▶ _EXERCISE DESCRIPTION_
Say how many lines of the listing below include the string "under" and add nothing else.

▶ _SUPPLIED DATA_
Lemma pd_cone_christ_nnt_t c a :
  pd ti (christ G (ni c) (ni a) ti) X = - t^-2 * (c == a)%:R.
Proof. by rewrite cone_christ_sym pd_cone_christ_ntn_t. Qed.

Lemma pd_cone_christ_nnt_n d c a : pd (ni d) (christ G (ni c) (ni a) ti) X = 0.
Proof. by rewrite cone_christ_sym pd_cone_christ_ntn_n. Qed.

Lemma pd_cone_christ_nnn_t c a b : pd ti (christ G (ni c) (ni a) (ni b)) X = 0.
Proof.
rewrite (pd_near_radial (F := fun _ q => christ h c a b q)) ?derive_cst //.
by move=> z tz; rewrite cone_christ_nnn.
Qed.

Lemma pd_cone_christ_nnn_n d c a b :
  pd (ni d) (christ G (ni c) (ni a) (ni b)) X = pd d (christ h c a b) p.
Proof.
rewrite (pd_near_tangential (F := fun _ q => christ h c a b q)) // => z tz.
by rewrite cone_christ_nnn.
Qed.

Let h_sym a b : h p a b = h p b a.
Proof. by rewrite -[in LHS]hsym mxE. Qed.

Let christ_h_sym c a b : christ h c a b p = christ h c b a p.
Proof. by rewrite (christ_sym c a b hsym). Qed.

Local Ltac christ_rw := rewrite ?(cone_christ_ttt tX0) ?(cone_christ_ttn tX0)
  ?(cone_christ_tnt tX0) ?(cone_christ_tnn tX0) ?(cone_christ_ntt tX0)
  ?(cone_christ_ntn tX0) ?(cone_christ_nnt tX0) ?(cone_christ_nnn tX0).

(* A plain [rewrite ?pd_cone_christ_ttn] would try to unify [pd _ (christ G ..)]
   with the other derivatives of Christoffel symbols, unfolding [pd] and [christ]
   in the process, which is prohibitively slow; matching syntactically first
   only ever rewrites with fully instantiated lemmas. *)
Local Ltac pd_christ_rw := repeat match goal with
  | |- context [pd ?i (christ G ti ti ti) X] => rewrite (pd_cone_christ_ttt i)
  | |- context [pd ?i (christ G ti ti (ni ?b)) X] => rewrite (pd_cone_christ_ttn i b)
  | |- context [pd ?i (christ G ti (ni ?a) ti) X] => rewrite (pd_cone_christ_tnt i a)
  | |- context [pd ?i (christ G (ni ?c) ti ti) X] => rewrite (pd_cone_christ_ntt i c)
  | |- context [pd ti (christ G ti (ni ?a) (ni ?b)) X] => rewrite (pd_cone_christ_tnn_t a b)
  | |- context [pd (ni ?c) (christ G ti (ni ?a) (ni ?b)) X] =>
      rewrite (pd_cone_christ_tnn_n c a b)
  | |- context [pd ti (christ G (ni ?c) ti (ni ?b)) X] => rewrite (pd_cone_christ_ntn_t c b)
  | |- context [pd (ni ?d) (christ G (ni ?c) ti (ni ?b)) X] =>
      rewrite (pd_cone_christ_ntn_n d c b)
  | |- context [pd ti (christ G (ni ?c) (ni ?a) ti) X] => rewrite (pd_cone_christ_nnt_t c a)
  | |- context [pd (ni ?d) (christ G (ni ?c) (ni ?a) ti) X] =>
      rewrite (pd_cone_christ_nnt_n d c a)
  | |- context [pd ti (christ G (ni ?c) (ni ?a) (ni ?b)) X] =>
      rewrite (pd_cone_christ_nnn_t c a b)
  | |- context [pd (ni ?d) (christ G (ni ?c) (ni ?a) (ni ?b)) X] =>
      rewrite (pd_cone_christ_nnn_n d c a b)
  end.

Local Ltac cone_Rup := rewrite /Rup sum_cone_index; pd_christ_rw;
  christ_rw; under eq_bigr => e _ do christ_rw.

Lemma Rup_cone_ttnt a : Rup G ti ti (ni a) ti X = 0.
Proof. by cone_Rup; rewrite !sum_ord2; ring. Qed.

Lemma Rup_cone_ttnn a b : Rup G ti ti (ni a) (ni b) X = 0.
Proof.
cone_Rup; rewrite !sum_ord2; case: (ord2P b) => ->;
  by rewrite ?eqxx ?eq_ord2E /=; field.
Qed.

Lemma Rup_cone_tnnt a b : Rup G ti (ni a) (ni b) ti X = 0.
Proof.
cone_Rup; rewrite !sum_ord2; case: (ord2P a) => ->; case: (ord2P b) => ->;
  by rewrite ?eqxx ?eq_ord2E /= ?(h_sym 1 0); field.
Qed.

Lemma Rup_cone_tnnn a b c : Rup G ti (ni a) (ni b) (ni c) X = 0.
Proof.
cone_Rup.
have -> : \sum_(e < 2) (christ h e b c p * - (t * h p a e) - christ h e a c p * - (t * h p b e))
  = - t * \sum_(e < 2) h p a e * christ h e b c p + t * \sum_(e < 2) h p b e * christ h e a c p.
  by rewrite !sum_ord2; ring.
by rewrite !christ_lower // (pd_metric_sym c b a p hsym); field.
Qed.

Lemma Rup_cone_ntnt d a : Rup G (ni d) ti (ni a) ti X = 0.
Proof.
cone_Rup; rewrite !sum_ord2; case: (ord2P a) => ->; case: (ord2P d) => ->;
  by rewrite ?eqxx ?eq_ord2E /=; field.
Qed.

Lemma Rup_cone_ntnn d a b : Rup G (ni d) ti (ni a) (ni b) X = 0.
Proof.
cone_Rup; rewrite !sum_ord2; case: (ord2P b) => ->; case: (ord2P d) => ->;
  by rewrite ?eqxx ?eq_ord2E /=; field.
Qed.

Lemma Rup_cone_nnnt d a b : Rup G (ni d) (ni a) (ni b) ti X = 0.
Proof.
cone_Rup; rewrite !sum_ord2; case: (ord2P a) => ->; case: (ord2P b) => ->;
  by rewrite ?eqxx ?eq_ord2E /= ?(christ_h_sym _ 1 0); field.
Qed.

Lemma Rup_cone_nnnn d a b c : Rup G (ni d) (ni a) (ni b) (ni c) X =
  Rup h d a b c p + (h p a c * (d == b)%:R - h p b c * (d == a)%:R).
Proof. by cone_Rup; rewrite [LHS]addrA addrAC; congr (_ + _); field. Qed.

Lemma Rup_cone_t i j k : Rup G ti i j k X = 0.
Proof.
have [->|[a ->]] := cone_indexP i; have [->|[b ->]] := cone_indexP j.
- exact: Rup_diag.
- by have [->|[c ->]] := cone_indexP k; [exact: Rup_cone_ttnt | exact: Rup_cone_ttnn].
- rewrite Rup_skew; have [->|[c ->]] := cone_indexP k.
    by rewrite Rup_cone_ttnt oppr0.
  by rewrite Rup_cone_ttnn oppr0.
- by have [->|[c ->]] := cone_indexP k; [exact: Rup_cone_tnnt | exact: Rup_cone_tnnn].
Qed.

Lemma Rup_cone_n_radial d i j k : [|| i == ti, j == ti | k == ti] ->
  Rup G (ni d) i j k X = 0.
Proof.
have [->|[a ->]] := cone_indexP i; have [->|[b ->]] := cone_indexP j => radial.
- exact: Rup_diag.
- by have [->|[c ->]] := cone_indexP k; [exact: Rup_cone_ntnt | exact: Rup_cone_ntnn].
- rewrite Rup_skew; have [->|[c ->]] := cone_indexP k.
    by rewrite Rup_cone_ntnt oppr0.
  by rewrite Rup_cone_ntnn oppr0.
- move: radial; have [->|[c ->]] := cone_indexP k; last by rewrite !eq_rlshift.
  by move=> _; exact: Rup_cone_nnnt.
Qed.

Lemma Rlow_cone_radial i j k l : [|| i == ti, j == ti, k == ti | l == ti] ->
  Rlow G i j k l X = 0.
Proof.
have [-> | [e ->]] := cone_indexP l => radial; rewrite /Rlow sum_cone_index.
  rewrite cone_metric_tt mul1r Rup_cone_t add0r big1 // => d _.
  by rewrite cone_metric_nt mul0r.
rewrite cone_metric_tn mul0r add0r big1 // => d _.
by rewrite Rup_cone_n_radial ?mulr0 //; move: radial; rewrite eq_rlshift orbF.
Qed.

Lemma Rlow_cone_nnnn a b c e : Rlow G (ni a) (ni b) (ni c) (ni e) X =
  t ^+ 2 * (Rlow h a b c e p - (h p b c * h p a e - h p a c * h p b e)).
Proof.
rewrite /Rlow sum_cone_index cone_metric_tn mul0r add0r.
under eq_bigr => d _ do rewrite cone_metric_nn Rup_cone_nnnn.
rewrite !sum_ord2; move: (Rup h) => Rh.
by case: (ord2P a) => ->; case: (ord2P b) => ->; rewrite ?eqxx ?eq_ord2E /=; ring.
Qed.

Variable k' : R.
Hypothesis hcurv : constant_sectional_curvature h k'.
Local Notation K := (t ^+ 2 * (k' - 1)).

Lemma Rlow_cone_space_form a b c e :
  Rlow G (ni a) (ni b) (ni c) (ni e) X = space_form K (h p) a b c e.
Proof. by rewrite Rlow_cone_nnnn (Rlow_space_form _ _ _ _ _ hcurv) /space_form; ring. Qed.

Lemma cone_curv U V W Z : curv G X U V W Z =
  \sum_(a < 2) \sum_(b < 2) \sum_(c < 2) \sum_(e < 2)
    U 0 (ni a) * V 0 (ni b) * W 0 (ni c) * Z 0 (ni e) * space_form K (h p) a b c e.
Proof.
rewrite /curv sum_cone_index big1 ?add0r => [|j _]; last first.
  by do 2![apply: big1 => ? _]; rewrite Rlow_cone_radial ?eqxx // mulr0.
apply: eq_bigr => a _; rewrite sum_cone_index big1 ?add0r => [|k _]; last first.
  by apply: big1 => ? _; rewrite Rlow_cone_radial ?eqxx ?orbT // mulr0.
apply: eq_bigr => b _; rewrite sum_cone_index big1 ?add0r => [|l _]; last first.
  by rewrite Rlow_cone_radial ?eqxx ?orbT // mulr0.
apply: eq_bigr => c _; rewrite sum_cone_index Rlow_cone_radial ?eqxx ?orbT // mulr0 add0r.
by apply: eq_bigr => e _; rewrite Rlow_cone_space_form.
Qed.

Lemma cone_curv_t V W Z : curv G X (ev ti) V W Z = 0.
Proof. by rewrite cone_curv; do 4![apply: big1 => ? _]; rewrite ev_entry eq_lrshift !mul0r. Qed.

Lemma cone_curv_nt c W Z : curv G X (ev (ni c)) (ev ti) W Z = 0.
Proof.
rewrite cone_curv; do 4![apply: big1 => ? _].
by rewrite [ev ti 0 _]ev_entry eq_lrshift mulr0 !mul0r.
Qed.

Lemma cone_curv_nn c a W Z : curv G X (ev (ni c)) (ev (ni a)) W Z =
  \sum_(c' < 2) \sum_(e < 2) W 0 (ni c') * Z 0 (ni e) * space_form K (h p) c a c' e.
Proof.
have evn (i j : 'I_2) : ev (ni i) 0 (ni j) = (j == i)%:R :> R.
  by rewrite ev_entry eq_rshift eq_sym.
rewrite cone_curv (sumr_single c) => [|c1 /negbTE cc1]; last first.
  by do 3![apply: big1 => ? _]; rewrite evn cc1 !mul0r.
rewrite (sumr_single a) => [|a1 /negbTE aa1]; last first.
  by do 2![apply: big1 => ? _]; rewrite [ev (ni a) 0 _]evn aa1 mulr0 !mul0r.
by apply: eq_bigr => c' _; apply: eq_bigr => e _; rewrite !evn !eqxx !mul1r.
Qed.

Lemma cone_curv_sectional u v : curv G X u v v u =
  K * (h p 0 0 * h p 1 1 - h p 0 1 ^+ 2) *
  (u 0 (ni 0) * v 0 (ni 1) - u 0 (ni 1) * v 0 (ni 0)) ^+ 2.
Proof. by rewrite cone_curv !sum_ord2 /space_form !(h_sym 1 0); ring. Qed.

Lemma cone_contract (T : 'I_(1 + 2) -> 'I_(1 + 2) -> R) : (forall j, T ti j = 0) ->
  \sum_i \sum_j invmx (G X) i j * T i j =
  t^-2 * \sum_(a < 2) \sum_(b < 2) invmx (h p) a b * T (ni a) (ni b).
Proof.
move=> T0; rewrite sum_cone_index big1 ?add0r => [|j _]; last by rewrite T0 mulr0.
rewrite mulr_sumr; apply: eq_bigr => a _.
rewrite sum_cone_index invmx_cone_metric_nt // mul0r add0r mulr_sumr.
by apply: eq_bigr => b _; rewrite invmx_cone_metric_nn // mulrA.
Qed.

Lemma cone_ricci y z : ricci G X y z =
  t^-2 * \sum_(a < 2) \sum_(b < 2) invmx (h p) a b * curv G X (ev (ni a)) y z (ev (ni b)).
Proof. by rewrite /ricci cone_contract // => j; rewrite cone_curv_t. Qed.

Lemma cone_scal_tau : scal_tau G X =
  t^-2 * \sum_(a < 2) \sum_(b < 2) invmx (h p) a b * ricci G X (ev (ni a)) (ev (ni b)).
Proof.
rewrite /scal_tau cone_contract // => j; rewrite cone_ricci big1 ?mulr0 // => a _.
by apply: big1 => b _; rewrite cone_curv_nt mulr0.
Qed.

Variable J : 'rV[R]_2 -> 'M[R]_2.
Local Notation Phi := (cone_phi J).

Lemma cone_phi_nn a b : Phi X (ni a) (ni b) = J p a b.
Proof. by rewrite /cone_phi block_mxEdr. Qed.

Lemma cone_ricci_star y z : ricci_star G Phi X y z =
  t^-2 * \sum_(a < 2) \sum_(b < 2)
    invmx (h p) a b * curv G X (ev (ni a)) y z (phiv (Phi X) (ev (ni b))).
Proof. by rewrite /ricci_star cone_contract // => j; rewrite cone_curv_t. Qed.

Lemma cone_ricci_star_t z : ricci_star G Phi X (ev ti) z = 0.
Proof.
rewrite cone_ricci_star big1 ?mulr0 // => a _.
by apply: big1 => b _; rewrite cone_curv_nt mulr0.
Qed.

Lemma cone_tau_star : tau_star G Phi X =
  t^-2 * \sum_(a < 2) \sum_(b < 2) invmx (h p) a b * ricci_star G Phi X (ev (ni a)) (ev (ni b)).
Proof. by rewrite /tau_star cone_contract // => j; rewrite cone_ricci_star_t. Qed.

Lemma cone_tau_star2 : tau_star2 G Phi X =
  t^-2 * \sum_(a < 2) \sum_(b < 2)
    invmx (h p) a b * ricci_star G Phi X (ev (ni a)) (phiv (Phi X) (ev (ni b))).
Proof. by rewrite /tau_star2 cone_contract // => j; rewrite cone_ricci_star_t. Qed.

Hypothesis Jsq : forall q, J q *m J q = - 1%:M.

Let det_h_neq0 : h p 0 0 * h p 1 1 - h p 0 1 * h p 0 1 != 0.
Proof. by rewrite -[X in _ - _ * X]h_sym det2_neq0. Qed.

Let J01_neq0 : J p 0 1 != 0.
Proof. by case: (sqr_mx2_eqN1 (Jsq p)). Qed.

Local Ltac cone_trace_field :=
  rewrite ?ev_entry ?eq_rshift ?phiv_ev ?cone_phi_nn /space_form ?eqxx ?eq_ord2E /=;
  case: (invmx2 (hunit p)) => -> -> -> ->; case: (sqr_mx2_eqN1 (Jsq p)) => -> _ ->;
  rewrite !(h_sym 1 0); field; rewrite ?det_h_neq0 ?tX0 ?J01_neq0.

Lemma cone_tau_star_eq0 : tau_star G Phi X = 0.
Proof.
rewrite cone_tau_star !sum_ord2 !cone_ricci_star !sum_ord2 !cone_curv_nn !sum_ord2.
by cone_trace_field.
Qed.

Lemma cone_tau_star2_eq_scal_tau : tau_star2 G Phi X = scal_tau G X.
Proof.
rewrite cone_tau_star2 cone_scal_tau !sum_ord2 !cone_ricci_star !cone_ricci !sum_ord2.
by rewrite !cone_curv_nn !sum_ord2; cone_trace_field.
Qed.

End AtPoint.

End ConeMetric.

Unset Implicit Arguments.
Set Strict Implicit.
Theorem proposition3p5 (R : realType) (J h : 'rV[R]_2 -> 'M[R]_2) (k' : R) :
  almost_norden J h ->
  constant_sectional_curvature h k' ->
  [/\ (forall (X : 'rV[R]_(1 + 2)) (u v : 'rV[R]_(1 + 2)),
         0 < cone_t X ->
         (exists a b : R, cone_xi = a *: u + b *: v) ->
         metric (cone_metric h) X u v = 0 ->
         metric (cone_metric h) X u u * metric (cone_metric h) X v v != 0 ->
         sectional (cone_metric h) X u v = 0),
      (forall X : 'rV[R]_(1 + 2), 0 < cone_t X ->
         tau_star (cone_metric h) (cone_phi J) X = 0) &
      (forall X : 'rV[R]_(1 + 2), 0 < cone_t X ->
         tau_star2 (cone_metric h) (cone_phi J) X = scal_tau (cone_metric h) X)].
Proof.
move=> [_ [h_smooth [Jsq [hsym [hunit _]]]]] hcurv.
have hder a b c x : derivable (fun q => h q a b) x (ev c).
  by have [_ /(_ c) []] := h_smooth a b 1%N.
(* The curvature numerator vanishes for every pair spanning xi. *)
split=> [X u v tX xi _ _ | X tX | X tX].
- rewrite /sectional (cone_curv_sectional hsym hunit hder tX hcurv).
  by rewrite (cone_xi_span_wedge xi) expr0n mulr0 mul0r.
- exact: (cone_tau_star_eq0 hsym hunit hder tX hcurv Jsq).
- exact: (cone_tau_star2_eq_scal_tau hsym hunit hder tX hcurv Jsq).
Qed.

▶ _TASK RESULT_
2